- [What you will do]: Extract every line of the material that holds the string "vertex".

......

(* Let $F$ be a graph with $\gamma(F)=1$ and $k = |E(F)| \geq 3$. Let $G$ be either a pure $(m,F)$-special graph or a copy of $F+e$ for some $e \in E(\overline{F})$. Then: (a) for every $x \in V(G)$, $G$ has a minimum $F$-isolating set $D$ with $x \in D$; (b) if $G$ is a pure $(m,F)$-special graph and $x \in V(G)$ is such that $x$ is not a vertex of the quotient graph in any representation of $G$ as a pure $(m,F)$-special graph, then $\iota(G-x,F) = \iota(G,F) - 1$.
   Context: All graphs are finite and simple. For $D \subseteq V(G)$, $N_G[D]$ is the closed neighbourhood of $D$; $G-x$ is $G$ with vertex $x$ deleted. A set $D \subseteq V(G)$ is an $F$-isolating set of $G$ if $G - N_G[D]$ contains no subgraph isomorphic to $F$; $\iota(G,F)$ is the minimum size of such a set, and a minimum $F$-isolating set is one of this size. $\gamma(F)=1$ means $F$ has a vertex adjacent to all other vertices of $F$. $\overline{F}$ is the complement of $F$ and $F+e = (V(F),E(F)\cup\{e\})$. A pure $(m,F)$-special graph is a graph obtained as follows: $m+1 = q(k+2)$ for an integer $q\ge 1$; take a tree $T$ with $q$ vertices $v_1,\dots,v_q$, pairwise disjoint copies $F_1,\dots,F_q$ of $F$ disjoint from $V(T)$, and vertices $w_i\in V(F_i)$; the graph has vertex set $V(T)\cup\bigcup_i V(F_i)$ and edge set $E(T)\cup\bigcup_i (E(F_i)\cup\{v_iw_i\})$. A choice of such $T, F_i, w_i$ is a representation of the graph; $T$ is its quotient graph, the subgraph $G_i$ with vertex set $\{v_i\}\cup V(F_i)$ and edge set $E(F_i)\cup\{v_iw_i\}$ is an $F$-constituent, and $v_i$ is its $F$-connection. (For such a graph, $\iota(G,F) = q$.) *)

From mathcomp Require Import all_boot.
Set Implicit Arguments. Unset Strict Implicit. Unset Printing Implicit Defensive.

Record sgraph := SGraph {
  vert :> finType;
  adj : rel vert;
  adj_sym : symmetric adj;
  adj_irr : irreflexive adj }.

Arguments adj {s}.

Definition edges (G : sgraph) : {set {set G}} :=
  [set e : {set G} | [exists u : G, exists v : G, adj u v && (e == [set u; v])]].

Definition cnbhd (G : sgraph) (D : {set G}) : {set G} :=
  D :|: [set v : G | [exists u in D, adj u v]].

Section Induced.
Variables (G : sgraph) (S : {set G}).
Definition ind_type : finType := {y : G | y \in S}.
Definition ind_adj : rel ind_type := fun a b => adj (val a) (val b).
Lemma ind_adj_sym : symmetric ind_adj.
Proof. by move=> a b; rewrite /ind_adj adj_sym. Qed.
Lemma ind_adj_irr : irreflexive ind_adj.
Proof. by move=> a; rewrite /ind_adj adj_irr. Qed.
Definition induced : sgraph := SGraph ind_adj_sym ind_adj_irr.
End Induced.

Definition minus_cnbhd (G : sgraph) (D : {set G}) : sgraph := induced (~: cnbhd D).
Definition delete (G : sgraph) (x : G) : sgraph := induced [set~ x].

Definition has_copy (F H : sgraph) : bool :=
  [exists f : {ffun F -> H},
     injectiveb f && [forall u : F, forall v : F, adj u v ==> adj (f u) (f v)]].

Definition isolating (F G : sgraph) (D : {set G}) : bool :=
  ~~ has_copy F (minus_cnbhd D).

Definition iotaF (F G : sgraph) : nat :=
  \big[minn/#|G|]_(D : {set G} | isolating F D) #|D|.

Definition min_isolating (F G : sgraph) (D : {set G}) : Prop :=
  isolating F D /\ #|D| = iotaF F G.

Definition graph_iso (G H : sgraph) (f : G -> H) : Prop :=
  bijective f /\ forall u v : G, adj (f u) (f v) = adj u v.

Definition isomorphic (G H : sgraph) : Prop := exists f : G -> H, graph_iso f.

(* Trees: connected and acyclic. A cycle is a duplicate-free cyclic sequence
   of at least 3 vertices, consecutive ones adjacent. *)
Definition is_tree (T : sgraph) : Prop :=
  (forall u v : T, connect adj u v) /\
  ~ (exists c : seq T, (2 < size c) && ucycleb adj c).

Section PlusEdge.
Variables (F : sgraph) (a b : F).
Definition pe_adj : rel F := fun u v =>
  adj u v || ((u != v) && (((u == a) && (v == b)) || ((u == b) && (v == a)))).
Lemma pe_adj_sym : symmetric pe_adj.
Proof.
move=> u v; rewrite /pe_adj adj_sym [v == u]eq_sym.
by case: (u == a) (v == a) (u == b) (v == b) => [] [] [] [].
Qed.
Lemma pe_adj_irr : irreflexive pe_adj.
Proof. by move=> u; rewrite /pe_adj adj_irr eqxx. Qed.
Definition plus_edge : sgraph := SGraph pe_adj_sym pe_adj_irr.
End PlusEdge.

(* The pure special graph built from a tree T (quotient graph, vertices v_i),
   copies F_i = {i} x V(F) of F, and attachment vertices w i in F_i:
   vertex set V(T) + V(T) x V(F). *)
Section Special.
Variables (T F : sgraph) (w : T -> F).
Definition sp_type : finType := (T + (T * F))%type.
Definition sp_adj : rel sp_type := fun a b =>
  match a, b with
  | inl i, inl j => adj i j
  | inr (i, u), inr (j, v) => (i == j) && adj u v
  | inl i, inr (j, v) => (i == j) && (v == w i)
  | inr (j, v), inl i => (i == j) && (v == w i)
  end.
Lemma sp_adj_sym : symmetric sp_adj.
Proof.
move=> [i|[i u]] [j|[j v]] //=; first exact: adj_sym.
by rewrite eq_sym adj_sym.
Qed.
Lemma sp_adj_irr : irreflexive sp_adj.
Proof. by move=> [i|[i u]] /=; rewrite adj_irr ?andbF. Qed.
Definition special_graph : sgraph := SGraph sp_adj_sym sp_adj_irr.
End Special.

......

- [Exercise answer]:
(* Let $F$ be a graph with $\gamma(F)=1$ and $k = |E(F)| \geq 3$. Let $G$ be either a pure $(m,F)$-special graph or a copy of $F+e$ for some $e \in E(\overline{F})$. Then: (a) for every $x \in V(G)$, $G$ has a minimum $F$-isolating set $D$ with $x \in D$; (b) if $G$ is a pure $(m,F)$-special graph and $x \in V(G)$ is such that $x$ is not a vertex of the quotient graph in any representation of $G$ as a pure $(m,F)$-special graph, then $\iota(G-x,F) = \iota(G,F) - 1$.
   Context: All graphs are finite and simple. For $D \subseteq V(G)$, $N_G[D]$ is the closed neighbourhood of $D$; $G-x$ is $G$ with vertex $x$ deleted. A set $D \subseteq V(G)$ is an $F$-isolating set of $G$ if $G - N_G[D]$ contains no subgraph isomorphic to $F$; $\iota(G,F)$ is the minimum size of such a set, and a minimum $F$-isolating set is one of this size. $\gamma(F)=1$ means $F$ has a vertex adjacent to all other vertices of $F$. $\overline{F}$ is the complement of $F$ and $F+e = (V(F),E(F)\cup\{e\})$. A pure $(m,F)$-special graph is a graph obtained as follows: $m+1 = q(k+2)$ for an integer $q\ge 1$; take a tree $T$ with $q$ vertices $v_1,\dots,v_q$, pairwise disjoint copies $F_1,\dots,F_q$ of $F$ disjoint from $V(T)$, and vertices $w_i\in V(F_i)$; the graph has vertex set $V(T)\cup\bigcup_i V(F_i)$ and edge set $E(T)\cup\bigcup_i (E(F_i)\cup\{v_iw_i\})$. A choice of such $T, F_i, w_i$ is a representation of the graph; $T$ is its quotient graph, the subgraph $G_i$ with vertex set $\{v_i\}\cup V(F_i)$ and edge set $E(F_i)\cup\{v_iw_i\}$ is an $F$-constituent, and $v_i$ is its $F$-connection. (For such a graph, $\iota(G,F) = q$.) *)
   vertex set V(T) + V(T) x V(F). *)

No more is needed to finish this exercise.